** What you should do **
Your response should be every line of the data, written out exactly.

** Stored entries **
(* Let $c:[0,\infty)\to[0,\infty)$ be a concave, increasing function with $c(0)=0$, extended to $\mathbb{R}$ by $c(-x)=c(x)$, such that $c^2$ is differentiable and its derivative $(c^2)'$ is strictly convex on $[0,\infty)$. Then there is no satisfactory configuration (with respect to $c$) of $k>3$ vectors in which exactly one mass is negative. Moreover, if a satisfactory configuration $e_1,e_2,e_3$ with $k=3$ has exactly one negative mass, then $e_1,e_2,e_3$ are coplanar.
   Context: Let $d\ge 2$. A set of unit vectors $e_1,\dots,e_k\in\mathbb{R}^d$ with non-zero real masses $m_1,\dots,m_k$ is called a satisfactory configuration (with respect to $c$) if $m_1+\dots+m_k=0$ and for every $i\neq j$ $$\langle e_i,e_j\rangle \leq \frac{c^2(m_i+m_j)-c^2(m_i)-c^2(m_j)}{2c(m_i)c(m_j)}.$$ *)

From HB Require Import structures.
From mathcomp Require Import all_boot all_order all_algebra.
From mathcomp Require Import all_classical all_reals all_analysis.
Set Implicit Arguments. Unset Strict Implicit. Unset Printing Implicit Defensive.
Import Order.TTheory GRing.Theory Num.Theory.
Import numFieldNormedType.Exports.
Local Open Scope ring_scope.
Local Open Scope classical_set_scope.

Definition dotv (R : realType) (d : nat) (u v : 'rV[R]_d) : R :=
  \sum_(j < d) u 0 j * v 0 j.

Definition satisfactory (R : realType) (c : R -> R) (d k : nat)
    (e : 'I_k -> 'rV[R]_d) (m : 'I_k -> R) : Prop :=
  [/\ (forall i, dotv (e i) (e i) = 1),
      (forall i, m i != 0),
      \sum_(i < k) m i = 0 &
      (forall i j, i != j ->
         dotv (e i) (e j) <=
         ((c (m i + m j)) ^+ 2 - (c (m i)) ^+ 2 - (c (m j)) ^+ 2)
           / (2 * c (m i) * c (m j)))].

Definition exactly_one_negative (R : realType) (k : nat) (m : 'I_k -> R) : Prop :=
  #|[set i | m i < 0]| = 1%N.

Definition concave_on_nonneg (R : realType) (c : R -> R) : Prop :=
  forall x y t : R, 0 <= x -> 0 <= y -> 0 <= t -> t <= 1 ->
    t * c x + (1 - t) * c y <= c (t * x + (1 - t) * y).

Definition strictly_convex_on_nonneg (R : realType) (f : R -> R) : Prop :=
  forall x y t : R, 0 <= x -> 0 <= y -> x != y -> 0 < t -> t < 1 ->
    f (t * x + (1 - t) * y) < t * f x + (1 - t) * f y.

Definition admissible_c (R : realType) (c : R -> R) : Prop :=
  [/\ c 0 = 0 /\ (forall x, 0 <= x -> 0 <= c x),
      (forall x y, 0 <= x -> x < y -> c x < c y),
      concave_on_nonneg c,
      (forall x, c (- x) = c x) &
      (* c^2 is differentiable on [0,oo) (one-sided at 0) with derivative
         dc2, and dc2 is strictly convex on [0,oo) *)
      (exists dc2 : R -> R,
        [/\ (forall x : R, 0 < x -> is_derive x (1:R) (fun y : R => (c y) ^+ 2) (dc2 x)),
            (fun h => h^-1 * ((c h) ^+ 2 - (c 0) ^+ 2)) @ 0^'+ --> dc2 0 &
            strictly_convex_on_nonneg dc2])].

(* Put f = c^2 and v = sum_i c(m_i) e_i. The satisfactory inequalities bound
   |v|^2 by the pair energy sum_i f(m_i) + sum_(i<j) (f(m_i+m_j) - f(m_i) - f(m_j))
   of the masses. Merging two masses x, y into x + y changes this energy by
   sum_z delta(x,y,z) over the remaining masses z, where
     delta(x,y,z) = f(x+y) + f(x+z) + f(y+z) - f(x) - f(y) - f(z) - f(x+y+z).
   For x, y, z > 0, delta(x,y,z) < 0: it is phi(0) - phi(z) for
   phi(t) = f(t+x+y) - f(t+x) - f(t+y) + f(t), whose derivative is positive by
   strict convexity of f'. As f is even, the unique negative mass
   -(x + y + u) contributes delta(x,y,-(x+y+u)) = delta(x,y,u) <= 0. Merging
   positive masses until only one is left (energy 0) shows that the energy is
   <= 0, and < 0 if there were at least three positive masses. So k > 3 is
   impossible, and for k = 3 we get v = 0, a nontrivial linear relation among
   e_1, e_2, e_3. *)

From HB Require Import structures.
From mathcomp Require Import all_boot all_order all_algebra.
From mathcomp Require Import all_classical all_reals all_analysis.
Import Order.TTheory GRing.Theory Num.Theory.
Import numFieldNormedType.Exports.
From mathcomp Require Import ring lra.
Set Implicit Arguments. Unset Strict Implicit. Unset Printing Implicit Defensive.
Local Open Scope ring_scope.

Section PairEnergy.
Variables (R : numDomainType) (f : R -> R).

Definition pair_excess (a b : R) : R := f (a + b) - f a - f b.

Fixpoint pair_energy (s : seq R) : R :=
  if s is a :: t then f a + \sum_(z <- t) pair_excess a z + pair_energy t else 0.

Definition merge_defect (x y z : R) : R :=
  f (x + y) + f (x + z) + f (y + z) - f x - f y - f z - f (x + y + z).

Lemma pair_excessC a b : pair_excess a b = pair_excess b a.
Proof. by rewrite /pair_excess (addrC a b); ring. Qed.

** Task output **
(* Let $c:[0,\infty)\to[0,\infty)$ be a concave, increasing function with $c(0)=0$, extended to $\mathbb{R}$ by $c(-x)=c(x)$, such that $c^2$ is differentiable and its derivative $(c^2)'$ is strictly convex on $[0,\infty)$. Then there is no satisfactory configuration (with respect to $c$) of $k>3$ vectors in which exactly one mass is negative. Moreover, if a satisfactory configuration $e_1,e_2,e_3$ with $k=3$ has exactly one negative mass, then $e_1,e_2,e_3$ are coplanar.
   Context: Let $d\ge 2$. A set of unit vectors $e_1,\dots,e_k\in\mathbb{R}^d$ with non-zero real masses $m_1,\dots,m_k$ is called a satisfactory configuration (with respect to $c$) if $m_1+\dots+m_k=0$ and for every $i\neq j$ $$\langle e_i,e_j\rangle \leq \frac{c^2(m_i+m_j)-c^2(m_i)-c^2(m_j)}{2c(m_i)c(m_j)}.$$ *)

From HB Require Import structures.
From mathcomp Require Import all_boot all_order all_algebra.
From mathcomp Require Import all_classical all_reals all_analysis.
Set Implicit Arguments. Unset Strict Implicit. Unset Printing Implicit Defensive.
Import Order.TTheory GRing.Theory Num.Theory.
Import numFieldNormedType.Exports.
Local Open Scope ring_scope.
Local Open Scope classical_set_scope.

Definition dotv (R : realType) (d : nat) (u v : 'rV[R]_d) : R :=
  \sum_(j < d) u 0 j * v 0 j.

Definition satisfactory (R : realType) (c : R -> R) (d k : nat)
    (e : 'I_k -> 'rV[R]_d) (m : 'I_k -> R) : Prop :=
  [/\ (forall i, dotv (e i) (e i) = 1),
      (forall i, m i != 0),
      \sum_(i < k) m i = 0 &
      (forall i j, i != j ->
         dotv (e i) (e j) <=
         ((c (m i + m j)) ^+ 2 - (c (m i)) ^+ 2 - (c (m j)) ^+ 2)
           / (2 * c (m i) * c (m j)))].

Definition exactly_one_negative (R : realType) (k : nat) (m : 'I_k -> R) : Prop :=
  #|[set i | m i < 0]| = 1%N.

Definition concave_on_nonneg (R : realType) (c : R -> R) : Prop :=
  forall x y t : R, 0 <= x -> 0 <= y -> 0 <= t -> t <= 1 ->
    t * c x + (1 - t) * c y <= c (t * x + (1 - t) * y).

Definition strictly_convex_on_nonneg (R : realType) (f : R -> R) : Prop :=
  forall x y t : R, 0 <= x -> 0 <= y -> x != y -> 0 < t -> t < 1 ->
    f (t * x + (1 - t) * y) < t * f x + (1 - t) * f y.

Definition admissible_c (R : realType) (c : R -> R) : Prop :=
  [/\ c 0 = 0 /\ (forall x, 0 <= x -> 0 <= c x),
      (forall x y, 0 <= x -> x < y -> c x < c y),
      concave_on_nonneg c,
      (forall x, c (- x) = c x) &
      (* c^2 is differentiable on [0,oo) (one-sided at 0) with derivative
         dc2, and dc2 is strictly convex on [0,oo) *)
      (exists dc2 : R -> R,
        [/\ (forall x : R, 0 < x -> is_derive x (1:R) (fun y : R => (c y) ^+ 2) (dc2 x)),
            (fun h => h^-1 * ((c h) ^+ 2 - (c 0) ^+ 2)) @ 0^'+ --> dc2 0 &
            strictly_convex_on_nonneg dc2])].

(* Put f = c^2 and v = sum_i c(m_i) e_i. The satisfactory inequalities bound
   |v|^2 by the pair energy sum_i f(m_i) + sum_(i<j) (f(m_i+m_j) - f(m_i) - f(m_j))
   of the masses. Merging two masses x, y into x + y changes this energy by
   sum_z delta(x,y,z) over the remaining masses z, where
     delta(x,y,z) = f(x+y) + f(x+z) + f(y+z) - f(x) - f(y) - f(z) - f(x+y+z).
   For x, y, z > 0, delta(x,y,z) < 0: it is phi(0) - phi(z) for
   phi(t) = f(t+x+y) - f(t+x) - f(t+y) + f(t), whose derivative is positive by
   strict convexity of f'. As f is even, the unique negative mass
   -(x + y + u) contributes delta(x,y,-(x+y+u)) = delta(x,y,u) <= 0. Merging
   positive masses until only one is left (energy 0) shows that the energy is
   <= 0, and < 0 if there were at least three positive masses. So k > 3 is
   impossible, and for k = 3 we get v = 0, a nontrivial linear relation among
   e_1, e_2, e_3. *)

From HB Require Import structures.
From mathcomp Require Import all_boot all_order all_algebra.
From mathcomp Require Import all_classical all_reals all_analysis.
Import Order.TTheory GRing.Theory Num.Theory.
Import numFieldNormedType.Exports.
From mathcomp Require Import ring lra.
Set Implicit Arguments. Unset Strict Implicit. Unset Printing Implicit Defensive.
Local Open Scope ring_scope.

Section PairEnergy.
Variables (R : numDomainType) (f : R -> R).

Definition pair_excess (a b : R) : R := f (a + b) - f a - f b.

Fixpoint pair_energy (s : seq R) : R :=
  if s is a :: t then f a + \sum_(z <- t) pair_excess a z + pair_energy t else 0.

Definition merge_defect (x y z : R) : R :=
  f (x + y) + f (x + z) + f (y + z) - f x - f y - f z - f (x + y + z).

Lemma pair_excessC a b : pair_excess a b = pair_excess b a.
Proof. by rewrite /pair_excess (addrC a b); ring. Qed.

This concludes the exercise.